Düsseldorf - Es ist ein historisches Loch: Erstmals in seiner Firmengeschichte hat der größte deutsche Strom- und Gaskonzern E.on einen Verlust erwirtschaftet - und der Absturz ist tief. 2,2 Milliarden Euro Verlust meldet das Unternehmen für das Gesamtjahr 2011, nachdem die Bilanz im Jahr zuvor noch einen Gewinn von 5,8 Milliarden Euro ausgewiesen habe.
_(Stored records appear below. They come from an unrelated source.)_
Lemma normLpW_le (R : realType) N (O : set 'rV[R]_N) (p : R)
    (G : R -> 'rV[R]_N -> 'rV[R]_N) (t t' : R) :
  0 <= p -> t <= t' ->
  (\int[lebesgue_measure]_(s in [set s : R | (0 < s < t')%R]) gradpow p O (G s) < +oo)%E ->
  normLpW O p G t <= normLpW O p G t'.
Proof.
move=> p0 tt' fin.
have int_ge0 (D : set R) :
    (0 <= \int[lebesgue_measure]_(s in D) gradpow p O (G s))%E.
  by apply: integral_ge0 => s _; apply: powint_ge0.
have int_le : (\int[lebesgue_measure]_(s in [set s : R | (0 < s < t)%R]) gradpow p O (G s)
    <= \int[lebesgue_measure]_(s in [set s : R | (0 < s < t')%R]) gradpow p O (G s))%E.
  apply: ge0_le_integral_subset => // [s /andP[s0 st]|s]; last exact: powint_ge0.
  by rewrite /= s0 (lt_le_trans st tt').
apply: ge0_ler_powR; rewrite ?nnegrE ?invr_ge0 ?fine_ge0 //.
by apply: fine_le => //; rewrite ge0_fin_numE //; apply: le_lt_trans fin.
Qed.

Lemma superlinear_bound_eq0 (R : realType) (Y K z Z p m : R) :
  0 < p <= m -> 0 <= Y -> 0 <= K -> 0 <= z <= Z -> K * Z `^ (m - p) < 1 ->
  Y + z `^ p <= K * z `^ m -> z = 0.
Proof.
move=> /andP[p0 pm] Y0 K0 /andP[z0 zZ] KZ ineq.
apply/eqP; rewrite eq_le z0 andbT leNgt; apply/negP => zpos.
have zm : z `^ m = z `^ (m - p) * z `^ p.
  by rewrite -powRD ?subrK //; apply/implyP => _; rewrite gt_eqF.
have : z `^ p <= K * Z `^ (m - p) * z `^ p.
  rewrite -(lerDr (z `^ p)) in Y0; apply: le_trans Y0 (le_trans ineq _).
  rewrite zm mulrA; apply: ler_wpM2r; first exact: powR_ge0.
  by apply: ler_wpM2l => //; apply: ge0_ler_powR; rewrite ?nnegrE ?subr_ge0 ?(le_trans z0 zZ).
by rewrite -[X in X <= _]mul1r ler_pM2r ?powR_gt0 // leNgt KZ.
Qed.

Lemma real_induction (R : realType) (T : R) (P : R -> Prop) : 0 <= T -> P 0 ->
  (forall t, 0 < t <= T -> (forall s, 0 <= s < t -> P s) -> P t) ->
  (forall t, 0 <= t < T -> (forall s, 0 <= s <= t -> P s) ->
     exists2 t', t < t' & forall s, t < s < t' -> P s) ->
  forall t, 0 <= t <= T -> P t.
Proof.
move=> T0 P0 Pleft Pright.
pose A := [set t | 0 <= t <= T /\ forall s, 0 <= s <= t -> P s].
have A0 : A 0.
  split=> [|s /andP[s0 s0']]; first by rewrite lexx.
  by have -> : s = 0 by apply/eqP; rewrite eq_le s0' s0.
have AT : ubound A T by move=> t [/andP[]].
have ts0 : 0 <= sup A by apply: ub_le_sup; [exists T | ].
have tsT : sup A <= T by apply: ge_sup; [exists 0 |].
have Pbelow s : 0 <= s < sup A -> P s.
  move=> /andP[s0 sts]; have [y [_ Py] sy] := sup_gt (ex_intro _ 0 A0) sts.
  by apply: Py; rewrite s0 ltW.
have Ats : A (sup A).
  have Pts : P (sup A).
    have [->|ts_neq0] := eqVneq (sup A) 0; first exact: P0.
    by apply: Pleft => //; rewrite lt0r ts_neq0 ts0.
  split=> [|s /andP[s0]]; first by rewrite ts0.
  by rewrite le_eqVlt => /predU1P[->|sts] //; apply: Pbelow; rewrite s0.
have tsE : sup A = T.
  apply/eqP; rewrite eq_le tsT leNgt; apply/negP => tsT'.
  have tsI : 0 <= sup A < T by rewrite ts0.
  have [t' tst' Pt'] := Pright _ tsI Ats.2.
  have tsm : sup A < Num.min t' T by rewrite lt_min tst'.
  have [tsu ut] := midf_lt tsm.
  have Au : A ((sup A + Num.min t' T) / 2).
    split=> [|s /andP[s0 su]].
      by rewrite (le_trans ts0 (ltW tsu)) (le_trans (ltW ut)) // ge_min lexx orbT.
    have [sts|tss] := leP s (sup A); first by apply: Ats.2; rewrite s0.
    apply: Pt'; rewrite tss (le_lt_trans su) //; apply: lt_le_trans ut _.
    by rewrite ge_min lexx.
  by have := ub_le_sup (ex_intro _ T AT) Au; rewrite leNgt tsu.
by move=> t /andP[t0 tT]; apply: Ats.2; rewrite t0 tsE.
Qed.

Section EnergyUniqueness.
Variables (R : realType) (N : nat) (O : set 'rV[R]_N) (T p sigma c0 eta m : R).
Variables (w : R -> 'rV[R]_N -> R) (G : R -> 'rV[R]_N -> 'rV[R]_N).
Hypotheses (oO : open O) (sigma_gt0 : 0 < sigma) (wC : inCL O T sigma w).
Hypotheses (p_gt0 : 0 < p) (pm : p <= m) (c0_gt0 : 0 < c0) (eta_gt0 : 0 < eta).
Hypothesis GT :
  (\int[lebesgue_measure]_(s in [set s : R | (0 < s < T)%R]) gradpow p O (G s) < +oo)%E.
Hypothesis energy : forall t, 0 <= t <= T ->
  sup [set Lnorm_O sigma O (w s) `^ sigma | s in [set s | 0 < s < t]]
    + normLpW O p G t `^ p
  <= c0 * sup [set Lnorm_O sigma O (w s) `^ eta | s in [set s | 0 < s < t]]
       * normLpW O p G t `^ m.

Local Notation L s := (Lnorm_O sigma O (w s)).

Lemma Lnorm_le_diff s t : 0 <= s <= T -> 0 <= t <= T -> L t = 0 ->
  L s <= 2 * Lnorm_O sigma O (fun x => w s x - w t x).
Proof.
move=> sT tT Lt; have [[ms fs] [mt ft]] := (wC.1 s sT, wC.1 t tT).
have mst : measurable_fun (O : set (BRN R N)) ((fun x => w s x - w t x) : BRN R N -> R).
  exact: measurable_funB.
apply: (Lnorm_O_le_null oO sigma_gt0 mst mt (u := w s)).
- exact: powint_sub_lty (ltW sigma_gt0) ms mt fs ft.
- exact: powint_eq0 ft Lt.
- by move=> x; rewrite -{1}(subrK (w t x) (w s x)) ler_normD.
Qed.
Als Hauptgründe für den Gewinneinbruch nannte E.on die Abschaltung mehrerer Kernkraftwerke infolge des Atomausstiegs, ein schwaches Gashandelsgeschäft und ein niedrigerer Energieverbrauch. Zudem musste der Konzern milliardenschwere Abschreibungen in Italien und Spanien verbuchen.
Ausblick: Optimistisch
"Politische Entscheidungen und massive Veränderungen in unseren Märkten stellen uns vor nie gekannte Herausforderungen", schrieb Vorstandschef Johannes Teyssen im Geschäftsbericht an die Aktionäre. Der größte AKW-Betreiber in Deutschland hatte seine Meiler Isar 1 und Unterweser stilllegen müssen, die dem Konzern jahrelang die Kasse gefüllt hatten. Die Abschaltung der Meiler und die Brennelementesteuer hätten das Ergebnis mit 2,5 Milliarden Euro belastet. Im Gashandel, wo E.on unter teuren Langfristverträgen mit Unternehmen wie Gazprom leidet, fuhr der Versorger einen Verlust im hohen dreistelligen Millionenbereich ein.
Als Folge des Gewinneinbruchs soll die Dividende von 1,50 Euro auf einen Euro gekürzt werden. Trotz der dramatischen Zahlen gibt sich E.on optimistisch: Man habe 2011 die Talsohle durchschritten und werde schon im laufenden Jahr wieder einen deutlichen Gewinn erzielen.
Händler an der Börse hatten offenbar mit noch schlechteren Zahlen gerechnet - weil der Fokus jetzt auf dem Ausblick für die kommenden Jahr liegt, hätten die optimistischen Prognosen die E.on-Aktie vorbörslich ins Plus gehoben.
Der deutsche Atomausstieg belastet auch die anderen großen Energieversorger in Deutschland. RWE und EnBW hatten in den vergangenen Wochen ebenfalls zurückgehende Gewinne gemeldet.